Professor Chris Rizos was one of the three plenary speakers at the opening of the ION-GNSS conference, making a presentation ‘Ubiquitous Positioning: are we there yet?’. Chris also made three other presentations at technical sessions during the week. Professor Andrew Dempster and Associate Professor Jinling Wang each made an oral presentation.
Dr Nagaraj Shivaramaiah won the prestigious US ION Parkinson Award for best submitted postgraduate research thesis in 2011, on the topic of satellite navigation, in a global competition. His thesis was entitled ‘Enhanced Receiver Techniques for Galileo E5 AltBOC Signal Processing’. He also made a presentation ‘Cognitive GNSS Receiver Design: Concepts and Challenges’ in one of the technical sessions.
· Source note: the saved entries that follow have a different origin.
(* For all integers $m\ge1$, $r\ge0$ and $n\ge1$, $$\mathcal D_{m,r}(n,x)=(-1)^n\det M_n,$$ where $M_n$ is the $(n+1)\times(n+1)$ matrix with rows and columns indexed by $0,\dots,n$, whose row $0$ is $(1,x,x^2,\dots,x^n)$ and whose row $i$ for $1\le i\le n$ is $\big(w_{m,r}(0,i-1),w_{m,r}(1,i-1),\dots,w_{m,r}(n,i-1)\big)$; explicitly $$M_n=\begin{pmatrix}1&x&\cdots&x^{n-1}&x^n\\ 1&w_{m,r}(1,0)&\cdots&w_{m,r}(n-1,0)&w_{m,r}(n,0)\\ 0&1&\cdots&w_{m,r}(n-1,1)&w_{m,r}(n,1)\\ \vdots&&\ddots&&\vdots\\ 0&0&\cdots&1&w_{m,r}(n,n-1)\end{pmatrix}.$$
   Context: For integers $m\ge1$, $n,k,r\ge0$: the $r$-Whitney numbers of the first kind $w_{m,r}(n,k)$ are defined by $\sum_{n\ge k}w_{m,r}(n,k)\frac{z^n}{n!}=(1+mz)^{-r/m}\frac{\ln^k(1+mz)}{m^kk!}$ (so $w_{m,r}(n,n)=1$ and $w_{m,r}(n,k)=0$ for $k>n$); the $r$-Whitney numbers of the second kind $W_{m,r}(n,k)$ by $\sum_{n\ge k}W_{m,r}(n,k)\frac{z^n}{n!}=\frac{e^{rz}}{k!}\left(\frac{e^{mz}-1}{m}\right)^k$; and the $r$-Dowling polynomial is $\mathcal D_{m,r}(n,u):=\sum_{k=0}^nW_{m,r}(n,k)u^k$. *)

From HB Require Import structures.
From mathcomp Require Import all_boot all_order all_algebra.
Set Implicit Arguments. Unset Strict Implicit. Unset Printing Implicit Defensive.
Import Order.TTheory GRing.Theory Num.Theory.
Local Open Scope ring_scope.

(* Exponential generating functions are handled through truncated power
   series, represented as polynomials over rat: the coefficient of z^n of a
   product of power series only depends on the terms of degree <= n. *)

Definition gbin (a : rat) (j : nat) : rat :=
  (\prod_(i < j) (a - i%:R)) / (j`!)%:R.

Definition pow1p_ser (m : nat) (a : rat) (N : nat) : {poly rat} :=
  \sum_(j < N.+1) (gbin a j * (m%:R) ^+ j) *: 'X^j.

Definition ln1p_ser (m : nat) (N : nat) : {poly rat} :=
  \sum_(1 <= j < N.+1) ((-1) ^+ j.+1 * (m%:R) ^+ j / j%:R) *: 'X^j.

Definition exp_ser (c : rat) (N : nat) : {poly rat} :=
  \sum_(j < N.+1) (c ^+ j / (j`!)%:R) *: 'X^j.

(* r-Whitney numbers of the first kind:
   sum_n w(n,k) z^n/n! = (1+mz)^(-r/m) ln^k(1+mz) / (m^k k!) *)
Definition whit1 (m r n k : nat) : rat :=
  (n`!)%:R * ((pow1p_ser m (- (r%:R / m%:R)) n * (ln1p_ser m n) ^+ k)`_n
              / ((m%:R) ^+ k * (k`!)%:R)).

(* r-Whitney numbers of the second kind:
   sum_n W(n,k) z^n/n! = e^(rz)/k! ((e^(mz)-1)/m)^k *)
Definition whit2 (m r n k : nat) : rat :=
  (n`!)%:R * ((exp_ser r%:R n * (exp_ser m%:R n - 1) ^+ k)`_n
              / ((m%:R) ^+ k * (k`!)%:R)).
Two UNSW-SSIS postgraduate students were selected winners of student prizes (out of a total of eight awarded internationally), funded to travel to ION-GNSS and to present their winning papers. Nima Alam’s paper was entitled ‘Three Dimensional Positioning With Two GNSS Satellites and DSRC for Vehicles in Urban Canyons’, and Joon Wayn Cheong’s was ‘Towards Multi-Constellation Collection Detection of Weak Signals: A Comparative Experimental Analysis’. Nima and Joon Wayn were the 29th and 30th US ION student prizewinners from UNSW SSIS since 1988, when Chris’s first postgraduate student Bertrand Merminod (now professor at EPFL, Switzerland) won the first of these coveted prizes. This is an outstanding record of academic achievement, bettered by only one other university department in the world: the Department of Geomatics Engineering, University of Calgary (Canada).
Yes, Australians made quite a splash at ION-GNSS. In particular Locata Corporation has made a dramatic impact with its innovative PNT technology. UNSW SSIS demonstrated once again that it is Australia’s premier academic group focused on GNSS and wireless positioning research.
Professor Chris Rizos
School of Surveying& Spatial Information Systems
The University of New South Wales
Pictured left to right: Dorota Brzezinska (OSU), Joon Wayn Cheong (UNSW SSIS), Nima Alam (UNSW SSIS), Charles Toth (OSU), Chris Rizos (UNSW SSIS), Nagaraj Shivaramaiah (UNSW SSIS), Andrew Dempster (UNSW SSIS), Joel Barnes (Locata Corp), Jinling Wang (UNSW SSIS), Anthony Cole (Leica), Steve Hewitson (Locata Corp) and Allison Kealy (University of Melbourne).